This program teaches beginners the importance of input checks when implementing algorithms.

Program 7: Exponential Search on descending arrays

With minor changes, Exponential Search can handle arrays sorted in descending order.

binary_search_desc <- function(arr, target, left, right) {

  while (left <= right) {

    mid <- floor((left + right) / 2)

    if (arr[mid] == target) return(mid)
    else if (arr[mid] > target) left <- mid + 1
    else right <- mid - 1

  }

  -1
}

exponential_search_desc <- function(arr, target) {

  if (length(arr) == 0) return(-1)
  if (arr[1] == target) return(1)
  if (target > arr[1]) return(-1)

  index <- 1

  while (index <= length(arr) && arr[index] > target) {
    index <- index * 2
  }

  left <- floor(index / 2)
  right <- min(index, length(arr))

  binary_search_desc(arr, target, left, right)

}

data <- c(100, 80, 60, 40, 20)
target <- 100

print(exponential_search_desc(data, target))

This teaches beginners that algorithms can be adapted to different sorting orders with minimal logic changes.

Frequently Asked Questions (FAQ)

This section answers common beginner questions about Exponential Search in R.

Q1. Can Exponential Search work on unsorted arrays?
No, it requires a sorted array to locate the target correctly.

Q2. How does Exponential Search differ from Binary Search?
It first finds a range exponentially before applying Binary Search, which can reduce comparisons for elements near the start.

Q3. Can it handle negative or decimal numbers?
Yes, as long as the array is sorted, Exponential Search works with any numeric values.

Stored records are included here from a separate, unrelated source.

Lemma ln_gauss_tail (y : R) : ln (gauss_tail y) = - y ^ 2 - ln 2 - ln (g y).
Proof.
  pose proof (gauss_tail_pos y); pose proof (g_pos y).
  assert (Hln : ln (2 * gauss_tail y * g y) = - y ^ 2)
    by (rewrite g_mul_gauss_tail; apply ln_exp).
  rewrite !ln_mult in Hln by lra; lra.
Qed.

(** * The ratio g at +oo *)

Lemma is_lim_gauss_mul_p_infty (q : R -> R) :
  (forall x, 1 <= x -> Rabs (q x) <= x ^ 2 + 2) -> is_lim (fun x => gauss x * q x) p_infty 0.
Proof.
  intros Hq; apply (is_lim_of_abs_le _ (fun x => (x ^ 2 + 2) * gauss x));
    [| apply is_lim_poly_gauss_p_infty].
  exists 1; intros x Hx; rewrite Rminus_0_r, Rabs_mult, (Rabs_pos_eq (gauss x)), Rmult_comm
    by (left; apply gauss_pos).
  apply Rmult_le_compat_r; [left; apply gauss_pos | apply Hq; lra].
Qed.

(* The first terms of the asymptotic expansion
   T y ~ exp (-y^2) / (2 y) * (1 - 1/(2 y^2) + 3/(4 y^4) - 15/(8 y^6) + ...),
   which alternately over- and underestimates T. *)
Lemma gauss_tail_upper (y : R) : 0 < y ->
  8 * y ^ 5 * gauss_tail y <= gauss y * (4 * y ^ 4 - 2 * y ^ 2 + 3).
Proof.
  intros Hy; set (q := fun x => (4 * x ^ 4 - 2 * x ^ 2 + 3) / (8 * x ^ 5)).
  assert (Hq : 8 * y ^ 5 * q y = 4 * y ^ 4 - 2 * y ^ 2 + 3)
    by (unfold q; field; pose proof (pow_lt y 5 Hy); lra).
  enough (gauss_tail y - gauss y * q y <= 0 - 0)
    by (pose proof (pow_lt y 5 Hy); pose proof (gauss_pos y); nra).
  apply (le_is_lim_p_infty_of_increasing (fun x => gauss_tail x - gauss x * q x)
           (fun x => 15 / 8 * gauss x / x ^ 6) y).
  - intros x Hx; assert (0 < x ^ 5) by (apply pow_lt; lra).
    unfold q, gauss; auto_derive; use_derive is_derive_gauss_tail; simpl in *; [lra |].
    unfold gauss; simpl; field; lra.
  - intros x Hx; pose proof (gauss_pos x); apply Rdiv_lt_0_compat; [lra | apply pow_lt; lra].
  - apply is_lim_minus'; [apply is_lim_gauss_tail_p_infty | apply is_lim_gauss_mul_p_infty].
    intros x Hx; assert (1 <= x ^ 2) by nra; assert (x ^ 2 <= x ^ 4) by nra;
      assert (x ^ 4 <= x ^ 5) by (simpl; nra).
    apply abs_div_le; [lra | apply Rabs_le; split; nra].
Qed.

Lemma gauss_tail_lower (y : R) : 0 < y ->
  gauss y * (8 * y ^ 6 - 4 * y ^ 4 + 6 * y ^ 2 - 15) <= 16 * y ^ 7 * gauss_tail y.
Proof.
  intros Hy; set (q := fun x => (8 * x ^ 6 - 4 * x ^ 4 + 6 * x ^ 2 - 15) / (16 * x ^ 7)).
  assert (Hq : 16 * y ^ 7 * q y = 8 * y ^ 6 - 4 * y ^ 4 + 6 * y ^ 2 - 15)
    by (unfold q; field; pose proof (pow_lt y 7 Hy); lra).
  enough (gauss y * q y - gauss_tail y <= 0 - 0)
    by (pose proof (pow_lt y 7 Hy); pose proof (gauss_pos y); nra).
  apply (le_is_lim_p_infty_of_increasing (fun x => gauss x * q x - gauss_tail x)
           (fun x => 105 / 16 * gauss x / x ^ 8) y).
  - intros x Hx; assert (0 < x ^ 7) by (apply pow_lt; lra).
    unfold q, gauss; auto_derive; use_derive is_derive_gauss_tail; simpl in *; [lra |].
    unfold gauss; simpl; field; lra.
  - intros x Hx; pose proof (gauss_pos x); apply Rdiv_lt_0_compat; [lra | apply pow_lt; lra].
  - apply is_lim_minus'; [apply is_lim_gauss_mul_p_infty | apply is_lim_gauss_tail_p_infty].
    intros x Hx; assert (1 <= x ^ 2) by nra; assert (x ^ 2 <= x ^ 4) by nra;
      assert (x ^ 4 <= x ^ 6) by nra; assert (x ^ 6 <= x ^ 7) by (simpl; nra).
    apply abs_div_le; [lra | apply Rabs_le; split; nra].
Qed.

Q4. Can Exponential Search find the first occurrence among duplicates?
Yes, with minor modifications, it can locate the first occurrence in arrays with duplicate values.

Conclusion

Exponential Search is a practical algorithm for efficiently locating elements in sorted arrays by combining exponential range identification with Binary Search. Through these examples, beginners can explore both iterative and recursive implementations, work with negative and floating-point numbers, handle duplicates, and adapt the algorithm for descending arrays.

Practicing Exponential Search in R strengthens understanding of search algorithms, recursion, iteration, and array handling. It’s a valuable skill for anyone looking to work with large datasets efficiently and builds a foundation for learning more advanced algorithmic techniques.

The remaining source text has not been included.